• [YOUR OBJECTIVE]: Transcribe exactly the span of lines that begins the records and ends with the line holding "bool) : Prop", both boundary lines included.
--- START ---
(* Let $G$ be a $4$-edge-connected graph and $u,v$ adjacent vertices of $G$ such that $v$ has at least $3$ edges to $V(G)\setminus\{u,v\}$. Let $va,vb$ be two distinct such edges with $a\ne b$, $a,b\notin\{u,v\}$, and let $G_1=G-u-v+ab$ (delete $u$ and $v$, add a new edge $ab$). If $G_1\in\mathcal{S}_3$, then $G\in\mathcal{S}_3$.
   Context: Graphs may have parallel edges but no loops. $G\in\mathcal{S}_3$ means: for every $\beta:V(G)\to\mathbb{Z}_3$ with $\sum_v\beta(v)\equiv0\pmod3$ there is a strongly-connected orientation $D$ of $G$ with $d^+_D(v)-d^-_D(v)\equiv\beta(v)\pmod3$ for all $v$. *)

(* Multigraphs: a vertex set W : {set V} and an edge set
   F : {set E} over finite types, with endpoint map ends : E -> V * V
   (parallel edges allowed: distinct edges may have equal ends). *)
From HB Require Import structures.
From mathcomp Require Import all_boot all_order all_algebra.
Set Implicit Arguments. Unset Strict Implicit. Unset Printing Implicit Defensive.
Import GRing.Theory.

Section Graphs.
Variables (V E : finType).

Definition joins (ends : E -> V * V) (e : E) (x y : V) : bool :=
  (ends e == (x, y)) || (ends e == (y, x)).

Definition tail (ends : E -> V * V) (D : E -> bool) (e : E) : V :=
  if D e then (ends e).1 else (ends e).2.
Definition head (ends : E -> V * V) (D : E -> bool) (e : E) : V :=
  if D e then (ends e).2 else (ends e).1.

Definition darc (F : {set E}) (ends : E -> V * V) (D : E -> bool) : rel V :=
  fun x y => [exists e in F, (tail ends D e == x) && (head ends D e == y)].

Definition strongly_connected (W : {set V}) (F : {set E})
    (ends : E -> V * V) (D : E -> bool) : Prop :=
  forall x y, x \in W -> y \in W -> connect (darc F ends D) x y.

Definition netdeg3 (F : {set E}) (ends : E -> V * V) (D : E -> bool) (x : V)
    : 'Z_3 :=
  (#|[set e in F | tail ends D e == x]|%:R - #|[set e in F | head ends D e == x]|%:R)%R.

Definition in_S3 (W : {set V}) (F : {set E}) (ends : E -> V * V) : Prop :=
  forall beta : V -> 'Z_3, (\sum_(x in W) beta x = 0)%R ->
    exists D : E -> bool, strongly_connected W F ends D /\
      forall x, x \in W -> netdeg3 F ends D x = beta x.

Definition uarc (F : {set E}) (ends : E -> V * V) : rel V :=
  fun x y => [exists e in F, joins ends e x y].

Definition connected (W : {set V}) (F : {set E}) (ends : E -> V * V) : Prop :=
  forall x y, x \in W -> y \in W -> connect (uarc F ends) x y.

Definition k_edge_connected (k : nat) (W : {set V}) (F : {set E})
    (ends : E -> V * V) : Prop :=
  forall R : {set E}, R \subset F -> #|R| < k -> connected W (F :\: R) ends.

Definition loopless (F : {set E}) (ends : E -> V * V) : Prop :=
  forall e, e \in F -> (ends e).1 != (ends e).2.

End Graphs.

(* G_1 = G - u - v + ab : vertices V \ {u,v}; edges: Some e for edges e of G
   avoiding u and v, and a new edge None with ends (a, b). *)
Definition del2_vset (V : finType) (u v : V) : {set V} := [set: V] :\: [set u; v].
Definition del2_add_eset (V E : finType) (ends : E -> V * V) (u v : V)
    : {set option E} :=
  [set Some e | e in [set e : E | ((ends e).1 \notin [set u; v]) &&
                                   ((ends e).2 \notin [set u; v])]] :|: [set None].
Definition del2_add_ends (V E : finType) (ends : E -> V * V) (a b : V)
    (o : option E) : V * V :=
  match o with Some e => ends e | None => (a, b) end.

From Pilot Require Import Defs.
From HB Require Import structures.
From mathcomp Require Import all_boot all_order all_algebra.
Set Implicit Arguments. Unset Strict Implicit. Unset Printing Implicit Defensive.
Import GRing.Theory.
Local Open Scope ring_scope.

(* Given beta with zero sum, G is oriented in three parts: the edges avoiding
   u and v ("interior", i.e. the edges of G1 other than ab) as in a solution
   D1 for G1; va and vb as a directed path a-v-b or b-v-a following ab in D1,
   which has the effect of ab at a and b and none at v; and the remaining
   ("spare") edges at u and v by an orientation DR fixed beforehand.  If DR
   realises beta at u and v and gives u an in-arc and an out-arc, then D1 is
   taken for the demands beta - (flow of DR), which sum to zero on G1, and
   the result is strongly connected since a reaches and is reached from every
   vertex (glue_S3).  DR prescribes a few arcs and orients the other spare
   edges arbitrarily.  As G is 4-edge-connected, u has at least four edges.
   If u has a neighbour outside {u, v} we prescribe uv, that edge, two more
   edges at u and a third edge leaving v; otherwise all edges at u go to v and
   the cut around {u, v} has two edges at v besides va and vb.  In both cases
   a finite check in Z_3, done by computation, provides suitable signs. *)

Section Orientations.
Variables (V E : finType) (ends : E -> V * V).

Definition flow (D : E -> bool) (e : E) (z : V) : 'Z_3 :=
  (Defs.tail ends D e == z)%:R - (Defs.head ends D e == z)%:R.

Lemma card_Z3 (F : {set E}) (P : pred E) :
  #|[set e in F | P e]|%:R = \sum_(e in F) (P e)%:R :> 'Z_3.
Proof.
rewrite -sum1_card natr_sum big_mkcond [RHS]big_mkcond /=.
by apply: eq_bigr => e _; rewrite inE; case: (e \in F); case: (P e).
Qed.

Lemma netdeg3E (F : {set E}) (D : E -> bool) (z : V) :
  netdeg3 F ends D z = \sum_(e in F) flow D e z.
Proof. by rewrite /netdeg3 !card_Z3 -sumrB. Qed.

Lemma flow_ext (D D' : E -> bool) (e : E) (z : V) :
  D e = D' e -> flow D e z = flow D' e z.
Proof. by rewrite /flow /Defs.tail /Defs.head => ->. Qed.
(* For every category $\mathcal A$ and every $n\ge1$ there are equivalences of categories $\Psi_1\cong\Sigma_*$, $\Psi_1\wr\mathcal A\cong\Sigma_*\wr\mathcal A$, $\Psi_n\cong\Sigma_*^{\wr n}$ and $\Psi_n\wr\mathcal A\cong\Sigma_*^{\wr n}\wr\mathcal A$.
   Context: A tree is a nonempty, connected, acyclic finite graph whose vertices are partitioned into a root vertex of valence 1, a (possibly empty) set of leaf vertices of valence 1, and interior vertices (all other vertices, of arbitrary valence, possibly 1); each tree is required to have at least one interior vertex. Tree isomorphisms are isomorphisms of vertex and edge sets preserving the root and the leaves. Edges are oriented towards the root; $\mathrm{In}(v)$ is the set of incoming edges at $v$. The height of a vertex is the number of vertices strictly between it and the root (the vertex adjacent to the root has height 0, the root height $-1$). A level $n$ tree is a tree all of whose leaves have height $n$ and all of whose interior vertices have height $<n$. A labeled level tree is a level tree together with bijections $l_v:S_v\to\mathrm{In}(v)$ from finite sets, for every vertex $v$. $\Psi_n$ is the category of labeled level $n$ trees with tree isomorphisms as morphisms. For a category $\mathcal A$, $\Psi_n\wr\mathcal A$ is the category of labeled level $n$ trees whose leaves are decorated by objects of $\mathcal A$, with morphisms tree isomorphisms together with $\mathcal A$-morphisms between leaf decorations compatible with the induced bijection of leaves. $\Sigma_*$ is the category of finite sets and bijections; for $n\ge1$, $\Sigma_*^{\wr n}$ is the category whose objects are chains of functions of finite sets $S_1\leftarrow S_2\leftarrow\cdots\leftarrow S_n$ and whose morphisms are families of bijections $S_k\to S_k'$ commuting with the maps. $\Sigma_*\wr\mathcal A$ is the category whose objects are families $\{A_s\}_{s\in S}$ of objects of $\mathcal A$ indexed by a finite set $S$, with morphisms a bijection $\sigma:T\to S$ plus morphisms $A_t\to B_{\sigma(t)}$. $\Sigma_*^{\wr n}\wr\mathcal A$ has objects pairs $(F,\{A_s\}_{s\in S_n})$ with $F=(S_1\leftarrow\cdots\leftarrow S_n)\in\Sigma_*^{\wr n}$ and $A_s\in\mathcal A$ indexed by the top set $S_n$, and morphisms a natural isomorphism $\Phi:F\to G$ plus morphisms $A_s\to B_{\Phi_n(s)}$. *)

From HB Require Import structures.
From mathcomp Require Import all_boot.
--- END ---
• [RESULT]:
(* Let $G$ be a $4$-edge-connected graph and $u,v$ adjacent vertices of $G$ such that $v$ has at least $3$ edges to $V(G)\setminus\{u,v\}$. Let $va,vb$ be two distinct such edges with $a\ne b$, $a,b\notin\{u,v\}$, and let $G_1=G-u-v+ab$ (delete $u$ and $v$, add a new edge $ab$). If $G_1\in\mathcal{S}_3$, then $G\in\mathcal{S}_3$.
   Context: Graphs may have parallel edges but no loops. $G\in\mathcal{S}_3$ means: for every $\beta:V(G)\to\mathbb{Z}_3$ with $\sum_v\beta(v)\equiv0\pmod3$ there is a strongly-connected orientation $D$ of $G$ with $d^+_D(v)-d^-_D(v)\equiv\beta(v)\pmod3$ for all $v$. *)

(* Multigraphs: a vertex set W : {set V} and an edge set
   F : {set E} over finite types, with endpoint map ends : E -> V * V
   (parallel edges allowed: distinct edges may have equal ends). *)
From HB Require Import structures.
From mathcomp Require Import all_boot all_order all_algebra.
Set Implicit Arguments. Unset Strict Implicit. Unset Printing Implicit Defensive.
Import GRing.Theory.

Section Graphs.
Variables (V E : finType).

Definition joins (ends : E -> V * V) (e : E) (x y : V) : bool :=
  (ends e == (x, y)) || (ends e == (y, x)).

Definition tail (ends : E -> V * V) (D : E -> bool) (e : E) : V :=
  if D e then (ends e).1 else (ends e).2.
Definition head (ends : E -> V * V) (D : E -> bool) (e : E) : V :=
  if D e then (ends e).2 else (ends e).1.

Definition darc (F : {set E}) (ends : E -> V * V) (D : E -> bool) : rel V :=
  fun x y => [exists e in F, (tail ends D e == x) && (head ends D e == y)].

Definition strongly_connected (W : {set V}) (F : {set E})
    (ends : E -> V * V) (D : E -> bool) : Prop :=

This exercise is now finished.